(* Let $N\ge 2$ and let $P=(P_{ij})_{i,j=1}^N$ be the transition matrix of an irreducible Markov chain on $\{1,\dots,N\}$. For each $k$ let $Q^{(k)}=(P_{ij})_{i,j\ne k}$ be obtained from $P$ by deleting its $k$-th row and column, and assume that for every $k$ there is $n_0(k)$ such that all entries of $(Q^{(k)})^n$ are positive for all $n>n_0(k)$. Let $\mu_k$ be the Perron–Frobenius eigenvalue of $Q^{(k)}$, $\lambda_k=-\ln\mu_k$ ($\lambda_k=\infty$ if $\mu_k=0$), and for a probability vector $p\in\Delta_N$ let $M^{(k)}_n(p)=\sum_{i\ne k}\bigl(p^{(k)}(Q^{(k)})^n\bigr)_i$ with $p^{(k)}=(p_i)_{i\ne k}$. Then: (1) If $\lambda_i>\lambda_j$, then for any $p,q\in\Delta_N$ with $q_j<1$ there is $n_0=n_0(p,q)\in\mathbb{N}$ such that $M^{(i)}_n(p)<M^{(j)}_n(q)$ for all $n\ge n_0$. (2) If $\sigma$ is a permutation of $\{1,\dots,N\}$ with $\lambda_{\sigma_N}<\dots<\lambda_{\sigma_1}<\infty$, then for any family $p(1),\dots,p(N)\in\Delta_N$ with $p_i(i)<1$ for all $i$ there is $n_0\in\mathbb{N}$ such that for all $n\ge n_0$, \[ M^{(\sigma_1)}_n(p(\sigma_1))<M^{(\sigma_2)}_n(p(\sigma_2))<\dots<M^{(\sigma_N)}_n(p(\sigma_N)). \] (3) If $i$ is a state with $\lambda_i>\lambda_k$ for all $k\ne i$, then for any $p\in\Delta_N$ and any $k\ne i$ with $p_k<1$ there is $n_0=n_0(p)$ such that $M^{(i)}_n(p)<M^{(k)}_n(p)$ for all $n\ge n_0$.
   Context: $\Delta_N$ is the simplex of probability distributions on $\{1,\dots,N\}$ (row vectors). $M^{(k)}_n(p)$ is the survival probability up to time $n$ of the chain started from $p$ and killed upon entering state $k$. *)

From HB Require Import structures.
From mathcomp Require Import all_boot all_order all_algebra.
From mathcomp Require Import all_classical all_reals all_analysis.
From mathcomp Require Import complex.
From mathcomp Require Import fingroup perm.
Set Implicit Arguments. Unset Strict Implicit. Unset Printing Implicit Defensive.
Import Order.TTheory GRing.Theory Num.Theory.
Local Open Scope ring_scope.

Section Defs.
Variable R : realType.

Definition in_simplex (N : nat) (p : 'rV[R]_N) : Prop :=
  (forall i, 0 <= p 0 i) /\ \sum_i p 0 i = 1.

Definition stochastic (N : nat) (P : 'M[R]_N) : Prop :=
  (forall i j, 0 <= P i j) /\ (forall i, \sum_j P i j = 1).

Definition irreducible (N : nat) (P : 'M[R]_N) : Prop :=
  forall i j, exists m : nat, 0 < (P ^+ m) i j.

Definition Qk (n : nat) (P : 'M[R]_n.+2) (k : 'I_n.+2) : 'M[R]_n.+1 :=
  row' k (col' k P).

Definition ceigen (m : nat) (A : 'M[R]_m) (z : R[i]) : Prop :=
  exists v : 'rV[R[i]]_m, v != 0 /\ v *m map_mx (fun x => (x%:C)%C) A = z *: v.

(* Perron-Frobenius eigenvalue = spectral radius of a nonnegative matrix:
   the largest modulus of a (complex) eigenvalue *)
Definition PF_eigenvalue (m : nat) (A : 'M[R]_m) (mu : R) : Prop :=
  (exists z, ceigen A z /\ Normc.normc z = mu) /\
  (forall z, ceigen A z -> Normc.normc z <= mu).

Definition lam (mu : R) : \bar R :=
  if mu == 0 then +oo%E else (- ln mu)%:E.

Definition Msurv (n : nat) (P : 'M[R]_n.+2) (k : 'I_n.+2) (t : nat)
  (p : 'rV[R]_n.+2) : R :=
  \sum_j (col' k p *m (Qk P k) ^+ t) 0 j.
End Defs.

From HB Require Import structures.
From mathcomp Require Import all_boot all_order all_algebra.
From mathcomp Require Import all_classical all_reals all_analysis.
From mathcomp Require Import complex.
From mathcomp Require Import fingroup perm.
From mathcomp Require Import lra.
Import Order.TTheory GRing.Theory Num.Theory.
Import numFieldNormedType.Exports.
Set Implicit Arguments. Unset Strict Implicit. Unset Printing Implicit Defensive.
Local Open Scope ring_scope.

————————

• WHAT IS REQUIRED
Output the entries verbatim.

• EXERCISE ANSWER
(* Let $N\ge 2$ and let $P=(P_{ij})_{i,j=1}^N$ be the transition matrix of an irreducible Markov chain on $\{1,\dots,N\}$. For each $k$ let $Q^{(k)}=(P_{ij})_{i,j\ne k}$ be obtained from $P$ by deleting its $k$-th row and column, and assume that for every $k$ there is $n_0(k)$ such that all entries of $(Q^{(k)})^n$ are positive for all $n>n_0(k)$. Let $\mu_k$ be the Perron–Frobenius eigenvalue of $Q^{(k)}$, $\lambda_k=-\ln\mu_k$ ($\lambda_k=\infty$ if $\mu_k=0$), and for a probability vector $p\in\Delta_N$ let $M^{(k)}_n(p)=\sum_{i\ne k}\bigl(p^{(k)}(Q^{(k)})^n\bigr)_i$ with $p^{(k)}=(p_i)_{i\ne k}$. Then: (1) If $\lambda_i>\lambda_j$, then for any $p,q\in\Delta_N$ with $q_j<1$ there is $n_0=n_0(p,q)\in\mathbb{N}$ such that $M^{(i)}_n(p)<M^{(j)}_n(q)$ for all $n\ge n_0$. (2) If $\sigma$ is a permutation of $\{1,\dots,N\}$ with $\lambda_{\sigma_N}<\dots<\lambda_{\sigma_1}<\infty$, then for any family $p(1),\dots,p(N)\in\Delta_N$ with $p_i(i)<1$ for all $i$ there is $n_0\in\mathbb{N}$ such that for all $n\ge n_0$, \[ M^{(\sigma_1)}_n(p(\sigma_1))<M^{(\sigma_2)}_n(p(\sigma_2))<\dots<M^{(\sigma_N)}_n(p(\sigma_N)). \] (3) If $i$ is a state with $\lambda_i>\lambda_k$ for all $k\ne i$, then for any $p\in\Delta_N$ and any $k\ne i$ with $p_k<1$ there is $n_0=n_0(p)$ such that $M^{(i)}_n(p)<M^{(k)}_n(p)$ for all $n\ge n_0$.
   Context: $\Delta_N$ is the simplex of probability distributions on $\{1,\dots,N\}$ (row vectors). $M^{(k)}_n(p)$ is the survival probability up to time $n$ of the chain started from $p$ and killed upon entering state $k$. *)

From HB Require Import structures.
From mathcomp Require Import all_boot all_order all_algebra.
From mathcomp Require Import all_classical all_reals all_analysis.
From mathcomp Require Import complex.
From mathcomp Require Import fingroup perm.
Set Implicit Arguments. Unset Strict Implicit. Unset Printing Implicit Defensive.
Import Order.TTheory GRing.Theory Num.Theory.
Local Open Scope ring_scope.

Section Defs.
Variable R : realType.

Definition in_simplex (N : nat) (p : 'rV[R]_N) : Prop :=
  (forall i, 0 <= p 0 i) /\ \sum_i p 0 i = 1.

Definition stochastic (N : nat) (P : 'M[R]_N) : Prop :=
  (forall i j, 0 <= P i j) /\ (forall i, \sum_j P i j = 1).

Definition irreducible (N : nat) (P : 'M[R]_N) : Prop :=
  forall i j, exists m : nat, 0 < (P ^+ m) i j.

Definition Qk (n : nat) (P : 'M[R]_n.+2) (k : 'I_n.+2) : 'M[R]_n.+1 :=
  row' k (col' k P).

Definition ceigen (m : nat) (A : 'M[R]_m) (z : R[i]) : Prop :=
  exists v : 'rV[R[i]]_m, v != 0 /\ v *m map_mx (fun x => (x%:C)%C) A = z *: v.

(* Perron-Frobenius eigenvalue = spectral radius of a nonnegative matrix:
   the largest modulus of a (complex) eigenvalue *)
Definition PF_eigenvalue (m : nat) (A : 'M[R]_m) (mu : R) : Prop :=
  (exists z, ceigen A z /\ Normc.normc z = mu) /\
  (forall z, ceigen A z -> Normc.normc z <= mu).

Definition lam (mu : R) : \bar R :=
  if mu == 0 then +oo%E else (- ln mu)%:E.

Definition Msurv (n : nat) (P : 'M[R]_n.+2) (k : 'I_n.+2) (t : nat)
  (p : 'rV[R]_n.+2) : R :=
  \sum_j (col' k p *m (Qk P k) ^+ t) 0 j.
End Defs.

From HB Require Import structures.
From mathcomp Require Import all_boot all_order all_algebra.
From mathcomp Require Import all_classical all_reals all_analysis.
From mathcomp Require Import complex.
From mathcomp Require Import fingroup perm.
From mathcomp Require Import lra.
Import Order.TTheory GRing.Theory Num.Theory.
Import numFieldNormedType.Exports.
Set Implicit Arguments. Unset Strict Implicit. Unset Printing Implicit Defensive.
Local Open Scope ring_scope.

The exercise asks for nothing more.